Looking forward there are a number of learnings from the crisis which we expect to shape scenario analysis design and frequency, change delivery and data-driven decision making.
- Preparing for the next decade of operational resilience: Banking resilience is emerging as the second key trend (next to sustainability) that will require continued focus from the industry over the next ten years.
Muller adds:
“The COVID-19 pandemic has raised the profile of resilience as banks recognise it’s no longer an option but a necessity. Globally, and locally, we are also seeing a call from regulators to take action by putting this issue on par with their ability to handle financial stresses.”
One of the key challenges to building resilience cited by banks was a lack of awareness about operational resilience and its connection to existing business practices. Strong governance, clear accountability and consistent definitions are essential to push ahead with efficient programmes and processes for building a resilient organisation.
- Seizing upon the advent of true automation:. In terms of technology, banks are increasingly relying on big data, artificial intelligence (AI) and machine learning to control and reduce risks.

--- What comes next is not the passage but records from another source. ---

Definition improper_integral (f : R -> R) (I : R) : Prop :=
  forall eps, 0 < eps -> exists M, forall a b, a <= - M -> M <= b ->
    exists v, RInt_eq f a b v /\ Rabs (v - I) < eps.

Definition C2 (f : R -> R) : Prop :=
  exists f1 f2 : R -> R,
    (forall x, derivable_pt_lim f x (f1 x)) /\
    (forall x, derivable_pt_lim f1 x (f2 x)) /\
    continuity f2.

(* transmission probability T = (k_{+oo}/k_{-oo}) |tau|^2, tau = tr + i ti *)
Definition transmission (kp km tr ti : R) : R := (kp / km) * (tr ^ 2 + ti ^ 2).

(* u = ur + i ui is a solution of u'' + k2 u = 0 with first derivatives
   ur1, ui1 and second derivatives ur2, ui2 *)
Definition is_solution (k2 ur ui ur1 ui1 ur2 ui2 : R -> R) : Prop :=
  forall x,
    derivable_pt_lim ur x (ur1 x) /\ derivable_pt_lim ur1 x (ur2 x) /\
    derivable_pt_lim ui x (ui1 x) /\ derivable_pt_lim ui1 x (ui2 x) /\
    ur2 x + k2 x * ur x = 0 /\ ui2 x + k2 x * ui x = 0.

(* u(x) = e^{i km x} + r e^{-i km x} + o(1) as x -> -oo, r = rr + i ri *)
Definition left_asymptotics (km rr ri : R) (ur ui : R -> R) : Prop :=
  lim_minf (fun x => ur x - (cos (km * x) + rr * cos (km * x) + ri * sin (km * x))) 0 /\
  lim_minf (fun x => ui x - (sin (km * x) + ri * cos (km * x) - rr * sin (km * x))) 0.

(* u(x) = tau e^{i kp x} + o(1) as x -> +oo, tau = tr + i ti *)
Definition right_asymptotics (kp tr ti : R) (ur ui : R -> R) : Prop :=
  lim_pinf (fun x => ur x - (tr * cos (kp * x) - ti * sin (kp * x))) 0 /\
  lim_pinf (fun x => ui x - (ti * cos (kp * x) + tr * sin (kp * x))) 0.

(* Writing [u = g psi] and measuring position by the Liouville variable
   [tau = \int dx / g^2], the equation [u'' + k^2 u = 0] becomes an oscillator
   [psi'' + psi = - g^3 g'' psi]. Its energy [E = (|psi|^2 + |psi'|^2) / 2]
   changes at the rate [E' = - g g'' Re (conj psi psi')] (in [x]), while the flux
   [c = Im (conj u u') = Im (conj psi psi')] is conserved, and
   [Re (conj psi psi')^2 + c^2 <= E^2]. Hence the barrier
   [ln (E + sqrt (E^2 - c^2))] can decrease by at most [\int |g g''|] across the
   line. At the right end [E = c = k |tau|^2]; at the left end
   [E = k (1 + |r|^2)] and [c = k (1 - |r|^2)], so that
   [(1 + |r|)^2 <= e^I |tau|^2] with [I = \int |g g''|]; together with
   unitarity [|r|^2 + |tau|^2 = 1] this is [T >= sech^2 (I / 2)]. *)

From Stdlib Require Import Reals Lra Psatz FunctionalExtensionality.
From Coquelicot Require Import Coquelicot.
Open Scope R_scope.

Notation D := derivable_pt_lim.

(* Differentiation rules stated on lambda-terms, so that they apply directly
   to goals [D (fun y => ...) x l]; [deriv_eq] adjusts the derivative's form. *)
Lemma deriv_eq f x l l' : D f x l -> l = l' -> D f x l'.
Proof. now intros H <-. Qed.

Lemma deriv_fun_eq f h x l : (forall y, f y = h y) -> D f x l -> D h x l.
Proof. intros E H. now replace h with f by (apply functional_extensionality; exact E). Qed.

Lemma deriv_const c x : D (fun _ => c) x 0.
Proof. apply derivable_pt_lim_const. Qed.

Lemma deriv_id x : D (fun y => y) x 1.
Proof. apply derivable_pt_lim_id. Qed.

Lemma deriv_plus f h x a b : D f x a -> D h x b -> D (fun y => f y + h y) x (a + b).
Proof. apply (derivable_pt_lim_plus f h). Qed.

Lemma deriv_minus f h x a b : D f x a -> D h x b -> D (fun y => f y - h y) x (a - b).
Proof. apply (derivable_pt_lim_minus f h). Qed.

Lemma deriv_opp f x a : D f x a -> D (fun y => - f y) x (- a).
Proof. apply (derivable_pt_lim_opp f). Qed.

Lemma deriv_mult f h x a b :
  D f x a -> D h x b -> D (fun y => f y * h y) x (a * h x + f x * b).
Proof. apply (derivable_pt_lim_mult f h). Qed.

Lemma deriv_comp f h x a b : D f x a -> D h (f x) b -> D (fun y => h (f y)) x (b * a).
Proof. apply (derivable_pt_lim_comp f h). Qed.

Lemma deriv_pow f n x a : D f x a -> D (fun y => f y ^ n) x (INR n * f x ^ pred n * a).
Proof.
  intro H. eapply deriv_eq; [apply (deriv_comp f (fun y => y ^ n)); [exact H | apply derivable_pt_lim_pow] | ring].
Qed.

(* The square case of [deriv_pow], without [INR] in the derivative. *)
Lemma deriv_pow2 f x a : D f x a -> D (fun y => f y ^ 2) x (2 * f x * a).
Proof.
  intro H. apply (deriv_fun_eq (fun y => f y * f y)); [intro; ring|].
  eapply deriv_eq; [apply deriv_mult; exact H | ring].
Qed.

Lemma deriv_inv f x a : D f x a -> f x <> 0 -> D (fun y => / f y) x (- a / f x ^ 2).
Proof.
  intros H Hn. apply (deriv_fun_eq (fct_cte 1 / f)%F); [intro; unfold div_fct, fct_cte, Rdiv; ring|].
  eapply deriv_eq; [apply derivable_pt_lim_div; [apply derivable_pt_lim_const | exact H | exact Hn]|].
  unfold fct_cte, Rsqr. field. exact Hn.
Qed.

Lemma deriv_sqrt f x a : D f x a -> 0 < f x -> D (fun y => sqrt (f y)) x (a / (2 * sqrt (f x))).
Proof.
  intros H Hp. eapply deriv_eq; [apply deriv_comp; [exact H | apply derivable_pt_lim_sqrt; exact Hp]|].
  unfold Rdiv; ring.
Qed.

Lemma deriv_ln f x a : D f x a -> 0 < f x -> D (fun y => ln (f y)) x (a / f x).
Proof.
  intros H Hp. eapply deriv_eq; [apply deriv_comp; [exact H | apply derivable_pt_lim_ln; exact Hp]|].
  unfold Rdiv; ring.
Qed.

Lemma deriv_cos_scaled k x : D (fun y => cos (k * y)) x (- k * sin (k * x)).
Proof.
  eapply deriv_eq.
  - apply (deriv_comp (fun y => k * y) cos); [| apply derivable_pt_lim_cos].
    eapply deriv_eq; [apply deriv_mult; [apply deriv_const | apply deriv_id] | reflexivity].
  - ring.
Qed.

Lemma deriv_sin_scaled k x : D (fun y => sin (k * y)) x (k * cos (k * x)).
Proof.
  eapply deriv_eq.
  - apply (deriv_comp (fun y => k * y) sin); [| apply derivable_pt_lim_sin].
    eapply deriv_eq; [apply deriv_mult; [apply deriv_const | apply deriv_id] | reflexivity].
  - ring.
Qed.

(* Differentiating [f (- x)]: the key to transferring statements at [+oo] to [-oo]. *)
Lemma deriv_reflect f f' x : (forall y, D f y (f' y)) -> D (fun y => f (- y)) x (- f' (- x)).
Proof.
  intro H. eapply deriv_eq.
  - apply (deriv_comp (fun y => - y) f); [apply deriv_opp, deriv_id | apply H].
  - ring.
Qed.

Lemma continuity_of_deriv f x l : D f x l -> continuity_pt f x.
Proof. intro H. apply derivable_continuous_pt. exists l; exact H. Qed.

(* Mechanical differentiation of an expression built from the rules above;
   side conditions (non-vanishing, positivity) are left to the caller. *)
Ltac differentiate :=
  repeat first
    [ apply deriv_const | apply deriv_id | eassumption
    | match goal with H : forall x, D ?f x _ |- D ?f _ _ => apply H end
    | apply deriv_pow2 | apply deriv_minus | apply deriv_plus | apply deriv_opp
    | apply deriv_pow | apply deriv_mult | apply deriv_inv | apply deriv_sqrt | apply deriv_ln ].

Lemma nondecreasing_of_deriv_nonneg F F' a b :
  (forall x, D F x (F' x)) -> (forall x, a <= x <= b -> 0 <= F' x) -> a <= b -> F a <= F b.
Proof.
  intros hF hpos [hab | <-]; [| lra].
  destruct (MVT_cor2 F F' a b hab) as [z [hz hzab]]; [intros; apply hF |].
  assert (0 <= F' z) by (apply hpos; lra). nra.
Qed.

Lemma constant_of_deriv_zero F : (forall x, D F x 0) -> forall x y, F x = F y.
Proof.
  intros hF.
  assert (H : forall x y, x < y -> F x = F y).
  { intros x y hxy. destruct (MVT_cor2 F (fun _ => 0) x y hxy) as [z [hz _]]; [intros; apply hF | lra]. }
  intros x y. destruct (Rtotal_order x y) as [h | [-> | h]]; [apply H | | symmetry; apply H]; auto.
Qed.

Lemma antiderivative_exists f : continuity f -> exists P, forall x, D P x (f x).
Proof.
  intro hf. exists (RInt f 0). intro x. apply is_derive_Reals, (is_derive_RInt f (RInt f 0) 0).
  - apply filter_forall. intro b. apply (RInt_correct (V := R_CompleteNormedModule)).
    apply ex_RInt_continuous. intros z _. apply continuity_pt_filterlim, hf.
  - apply continuity_pt_filterlim, hf.
Qed.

There has been considerable investment in building self-service analytics platforms and making these available to staff across the institution with an aim to provide more effective capabilities and potentially reduce cost at the same time. Much of the adoption is being driven organically within institutions where analytics and data science teams are beginning to emerge within Risk functions.

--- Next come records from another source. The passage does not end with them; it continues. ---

Lemma ln_ratio_estimate i D : (i < q)%nat -> 0 <= D -> 8 * (1 + D) <= INR q ->
  Rabs (INR i + 1 - m_pq p q) <= D ->
  Rabs (ln (ratio p q i) + (INR i + 1 - m_pq p q) / s2_pq p q)
  <= 4 / INR q + 56 * ((1 + D) * (1 + D)) / (INR q * INR q).
Proof.
  intros Hi HD HQD Hd.
  generalize (m_lower p q Hp Hpq) (q_minus_m_lower p q Hp Hpq); intros H1 H2.
  pose proof (ln_ratio_expansion i Hi) as Ex. cbv zeta in Ex.
  set (m := m_pq p q) in *. set (Q := INR q) in *.
  set (d := INR i + 1 - m) in *.
  set (a := (1 - d) / (Q - m)) in *. set (b := d / (INR p + m)) in *. set (e := d / m) in *.
  assert (Ha : Rabs a <= 4 * (1 + D) / Q).
  { replace (4 * (1 + D) / Q) with ((1 + D) / (Q / 4)) by (field; lra).
    apply abs_div_le; [lra|lra|].
    unfold Rminus at 1. eapply Rle_trans; [apply Rabs_triang|].
    rewrite Rabs_R1, Rabs_Ropp. lra. }
  assert (Hb : Rabs b <= 2 * D / Q).
  { replace (2 * D / Q) with (D / (Q / 2)) by (field; lra). apply abs_div_le; lra. }
  assert (He : Rabs e <= 2 * D / Q).
  { replace (2 * D / Q) with (D / (Q / 2)) by (field; lra). apply abs_div_le; lra. }
  assert (4 * (1 + D) / Q <= 1 / 2) by (apply div_le_k; lra).
  assert (2 * D / Q <= 1 / 4) by (apply div_le_k; lra).
  apply abs_le_inv in Ha as Ra. apply abs_le_inv in Hb as Rb. apply abs_le_inv in He as Re.
  rewrite Ex by lra.
  generalize (ln_approx a ltac:(lra)) (ln_approx b ltac:(lra)) (ln_approx e ltac:(lra)).
  intros La Lb Le.
  assert (HA : 0 < / (Q - m) <= 4 / Q).
  { split; [apply Rinv_0_lt_compat; lra|].
    apply Rle_trans with (/ (Q / 4)); [apply Rinv_le_contravar; lra|right; field; lra]. }
  assert (Sa := sq_le_of_abs_le a _ Ha). assert (Sb := sq_le_of_abs_le b _ Hb).
  assert (Se := sq_le_of_abs_le e _ He).
  assert (HQQ : 0 < Q * Q) by nra.
  replace (4 * (1 + D) / Q * (4 * (1 + D) / Q)) with (16 * ((1 + D) * (1 + D)) / (Q * Q))
    in Sa by (field; lra).
  replace (2 * D / Q * (2 * D / Q)) with (4 * (D * D) / (Q * Q)) in Sb, Se by (field; lra).
  assert (4 * (D * D) / (Q * Q) <= 4 * ((1 + D) * (1 + D)) / (Q * Q)).
  { apply Rmult_le_compat_r; [apply Rlt_le, Rinv_0_lt_compat; lra|nra]. }
  replace (56 * ((1 + D) * (1 + D)) / (Q * Q))
    with (2 * (16 * ((1 + D) * (1 + D)) / (Q * Q)) + 6 * (4 * ((1 + D) * (1 + D)) / (Q * Q)))
    by (field; lra).
  apply abs_le_inv in La. apply abs_le_inv in Lb. apply abs_le_inv in Le.
  apply Rabs_le. lra.
Qed.
End LogRatio.

(* Since the ratio is nonincreasing, beyond an index U where
   r_U < 1 the weights are dominated by w_U r_U^(k-U), and below an index L with
   r_(L-1) > 1 by w_L r_(L-1)^(k-L); summing the geometric series bounds both
   tails by a multiple of the weight at the boundary. *)

Lemma sum_telescope (a : nat -> R) N : sum_f_R0 (fun k => a (S k) - a k) N = a (S N) - a O.
Proof. induction N as [|N IH]; simpl; [ring|]. rewrite IH. ring. Qed.

Lemma pow_unit_interval r n : 0 <= r <= 1 -> 0 <= r ^ n <= 1.
Proof. intros. induction n; simpl; nra. Qed.

Lemma geometric_upper (rho : R) U N : 0 <= rho <= 1 ->
  sum_f_R0 (fun k => if Nat.leb U k then rho ^ (k - U) else 0) N * (1 - rho) <= 1.
Proof.
  intros Hr.
  set (a := fun k => if Nat.leb U k then rho ^ (k - U) else 1).
  assert (Ha : forall k, 0 <= a k <= 1).
  { intros k; unfold a. destruct (Nat.leb U k); [apply pow_unit_interval; auto|lra]. }
  rewrite Rmult_comm, scal_sum.
  replace (sum_f_R0 _ N) with (- sum_f_R0 (fun k => a (S k) - a k) N).
  - rewrite sum_telescope. generalize (Ha O) (Ha (S N)). lra.
  - rewrite <- (Rmult_1_l (sum_f_R0 (fun k => a (S k) - a k) N)).
    rewrite Ropp_mult_distr_l, scal_sum. apply sum_eq. intros k _. unfold a.
    destruct (Nat.leb_spec U k); destruct (Nat.leb_spec U (S k)); try lia.
    + replace (S k - U)%nat with (S (k - U)) by lia. simpl. ring.
    + replace U with (S k) by lia. rewrite Nat.sub_diag. simpl. ring.
    + ring.
Qed.

Lemma geometric_lower (rho : R) L N : 0 <= rho <= 1 ->
  sum_f_R0 (fun k => if Nat.ltb k L then rho ^ (L - k) else 0) N * (1 - rho) <= 1.
Proof.
  intros Hr.
  set (b := fun k => if Nat.leb k L then rho ^ (L - k) else 1).
  assert (Hb : forall k, 0 <= b k <= 1).
  { intros k; unfold b. destruct (Nat.leb k L); [apply pow_unit_interval; auto|lra]. }
  rewrite Rmult_comm, scal_sum.
  apply Rle_trans with (sum_f_R0 (fun k => b (S k) - b k) N).
  - apply sum_Rle. intros k _. unfold b.
    destruct (Nat.ltb_spec k L); destruct (Nat.leb_spec k L); destruct (Nat.leb_spec (S k) L);
      try lia.
    + replace (L - k)%nat with (S (L - S k)) by lia. simpl.
      generalize (pow_unit_interval rho (L - S k) Hr). set (X := rho ^ (L - S k)). intros HX.
      assert (0 <= X * ((1 - rho) * (1 - rho))) by (apply Rmult_le_pos; nra). nra.
    + replace k with L by lia. rewrite Nat.sub_diag. simpl. lra.
    + lra.
  - rewrite sum_telescope. generalize (Hb O) (Hb (S N)). lra.
Qed.

Section Tails.
Variables p q : nat.

(* Domination by geometric sequences, from the monotonicity of the ratio. *)
Lemma bweight_upper_geometric U j : (U + j <= q)%nat ->
  bweight p q (U + j) <= bweight p q U * ratio p q U ^ j.
Proof.
  induction j as [|j IH]; intros H.
  - rewrite Nat.add_0_r. simpl. lra.
  - replace (U + S j)%nat with (S (U + j)) by lia.
    rewrite bweight_step by lia.
    assert (0 < bweight p q (U + j)) by apply bweight_pos.
    assert (ratio p q (U + j) <= ratio p q U) by (apply ratio_antitone; lia).
    assert (0 < ratio p q (U + j)) by (apply ratio_pos; lia).
    assert (0 < ratio p q U) by (apply ratio_pos; lia).
    specialize (IH ltac:(lia)). simpl.
    apply Rle_trans with (bweight p q (U + j) * ratio p q U);
      [apply Rmult_le_compat_l; lra|].
    replace (bweight p q U * (ratio p q U * ratio p q U ^ j))
      with (bweight p q U * ratio p q U ^ j * ratio p q U) by ring.
    apply Rmult_le_compat_r; lra.
Qed.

- Managing the generational workforce transition: There is agreement among banks that risk professionals with a very different background will be required to deal with newly emerging risks, with an affinity for data and technology being critical. The incoming generation of risk professionals has grown up with technology and is looked at as inherently tech-affine, bringing the skills and attitude to tech enabled problem solving that institutions are looking to build. It is also believed that leadership models and career pathways will have to evolve to cater to the differing expectations of millennials with a general sense of the growing importance of work-life balance and that career journeys may need to be structured such that they include positions in multiple parts of the firm.